Желтов Павел Валерианович

Желтов Валериан Павлович

Губанов Алексей Рафаилович

DOI:

https://doi.org/10.18454/RULB.7.36

Выпуск: № 3 (7), 2016

PDF

Желтов Павел Валерианович

Чувашский государственный университет им. И.Н. Ульянова

Желтов Валериан Павлович

Чувашский государственный университет им. И.Н. Ульянова

Губанов Алексей Рафаилович

Чувашский государственный университет им. И.Н. Ульянова

Аннотация

В статье рассмотрена подсистема анализа текстов в поисковике. На данном этапе подсистема анализа текстов состоит из следующих компонент: компоненты токенизации текста; компонента выделения предложений в тексте; компоненты морфологического анализа предложений. Для хранения лингвистических данных необходимы следующие специальные структуры данных в виде набора классов, описанная в статье. Компонента токенизации текста преобразует текст в набор токенов.

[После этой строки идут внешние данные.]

Lemma hamiltonian_path :
  connected_graph e -> exists s, [/\ uniq s, walk_seq s & forall x, x \in s].
Proof.
move=> conn.
have size_le (s : seq T) : uniq s -> size s <= #|T|.
  by move=> us; rewrite -(card_uniqP us) max_card.
have step (s : seq T) : uniq s -> walk_seq s -> 0 < size s ->
    (forall x, x \in s) \/
    exists2 s', uniq s' /\ walk_seq s' & size s' = (size s).+1.
  move=> us ws s0.
  case: (boolP [forall x, x \in s]) => [/forallP | /forallPn [y ys]].
    by left.
  by right; apply: path_extend conn us ws s0 ys.
have grow : forall m (s : seq T), uniq s -> walk_seq s -> 0 < size s ->
    #|T| - size s <= m -> exists s, [/\ uniq s, walk_seq s & forall x, x \in s].
  elim=> [|m IH] s us ws s0 sm;
    have [all_s | [s' [us' ws'] size_s']] := step s us ws s0; try (by exists s);
    have := size_le s' us'; rewrite size_s' => sT.
  - lia.
  - by apply: (IH s') => //; rewrite size_s' //; lia.
by apply: (grow #|T| [:: x0]) => //; rewrite leq_subr.
Qed.

Lemma walk_chord (s : seq T) (i j : nat) :
  uniq s -> walk_seq s -> i.+1 < j -> j < size s ->
  e (nth x0 s i) (nth x0 s j) -> i = 0 /\ j = (size s).-1.
Proof.
move=> us ws ij js eij.
have nth_inj a b : a < size s -> b < size s -> nth x0 s a = nth x0 s b -> a = b.
  by move=> ha hb /eqP; rewrite nth_uniq // => /eqP.
have [i0 | i0] := posnP i.
  split=> //; have [j_int | ] := ltnP j.+1 (size s); last lia.
  have eji : e (nth x0 s j) (nth x0 s 0) by rewrite e_sym -i0.
  have j0 : 0 < j by lia.
  by case: (interior_neighbour us ws j0 j_int eji) => /nth_inj; lia.
have i_int : i.+1 < size s by lia.
by case: (interior_neighbour us ws i0 i_int eij) => /esym /nth_inj; lia.
Qed.

Lemma spanning_path_bipartite (s : seq T) :
  irreflexive e -> uniq s -> walk_seq s -> (forall x, x \in s) ->
  ~~ (odd (size s) && e (nth x0 s (size s).-1) (nth x0 s 0)) -> bipartite e.
Proof.
move=> e_irr us ws s_all no_odd_cycle.
exists (fun x => odd (index x s)) => x y _ _.
wlog le_xy : x y / index x s <= index y s.
  move=> wlog_le exy; have [le | lt] := leqP (index x s) (index y s).
    exact: wlog_le.
  by rewrite eq_sym; apply: wlog_le (ltnW lt) _; rewrite e_sym.
have ys : index y s < size s by rewrite index_mem.
rewrite -{1}(nth_index x0 (s_all x)) -{1}(nth_index x0 (s_all y)).
move: le_xy; rewrite leq_eqVlt => /predU1P [-> | ]; first by rewrite e_irr.
rewrite leq_eqVlt => /predU1P [<- _ | far exy]; first by rewrite /=; case: odd.
have [i0 jn] := walk_chord us ws far ys exy.
rewrite i0 jn in exy *; apply: contraNN no_odd_cycle => /= /eqP /esym even_end.
have s0 : 0 < size s by apply: leq_ltn_trans ys.
have odd_n : odd (size s) by rewrite -(prednK s0) /= even_end.
by rewrite odd_n e_sym exy.
Qed.

End WalksOfMaxDegreeTwo.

Для задания правил токенизации используется файл настройки.

Ключевые слова:

поисковик, текстовый корпус, разметка текста, запрос, индексирование.

Nowadays, development of national electronic corpora is one of the urgent tasks in Computational Linguistics. Such corpora have the form of electronic library of annotated texts with the ability to quickly search on multiple language levels: morphemic, morphological, syntactic, and semantic text. Similar text corpora have already been created for many languages of the Russian Federation (Russian, Tatar, Bashkir, Kalmyk, Mari, Mordvin, Udmurt, Komi, and Khakassia). Currently the authors of the paper are working on the creation of National Corpora of the Chuvash language. The publication was made in the scope of the scientific project №15-04-00532 supported by the Russian Foundation for Humanities (RFH).

National language corpora are served by a large number of software products that allow its processing and perform various user queries, aimed at the study of texts and selection of certain relevant data.

One of the main software products in the national corpora is a search engine. The search engine, in turn, can include a plurality of modules, one of which is a text analysis subsystem.

Let us consider the text analysis subsystem in the search engine. At this stage, the text analysis subsystem consists of the following features: 1) components of text tokenization; 2) component of separation of sentences in the text; 3) components of morphological analysis of sentences.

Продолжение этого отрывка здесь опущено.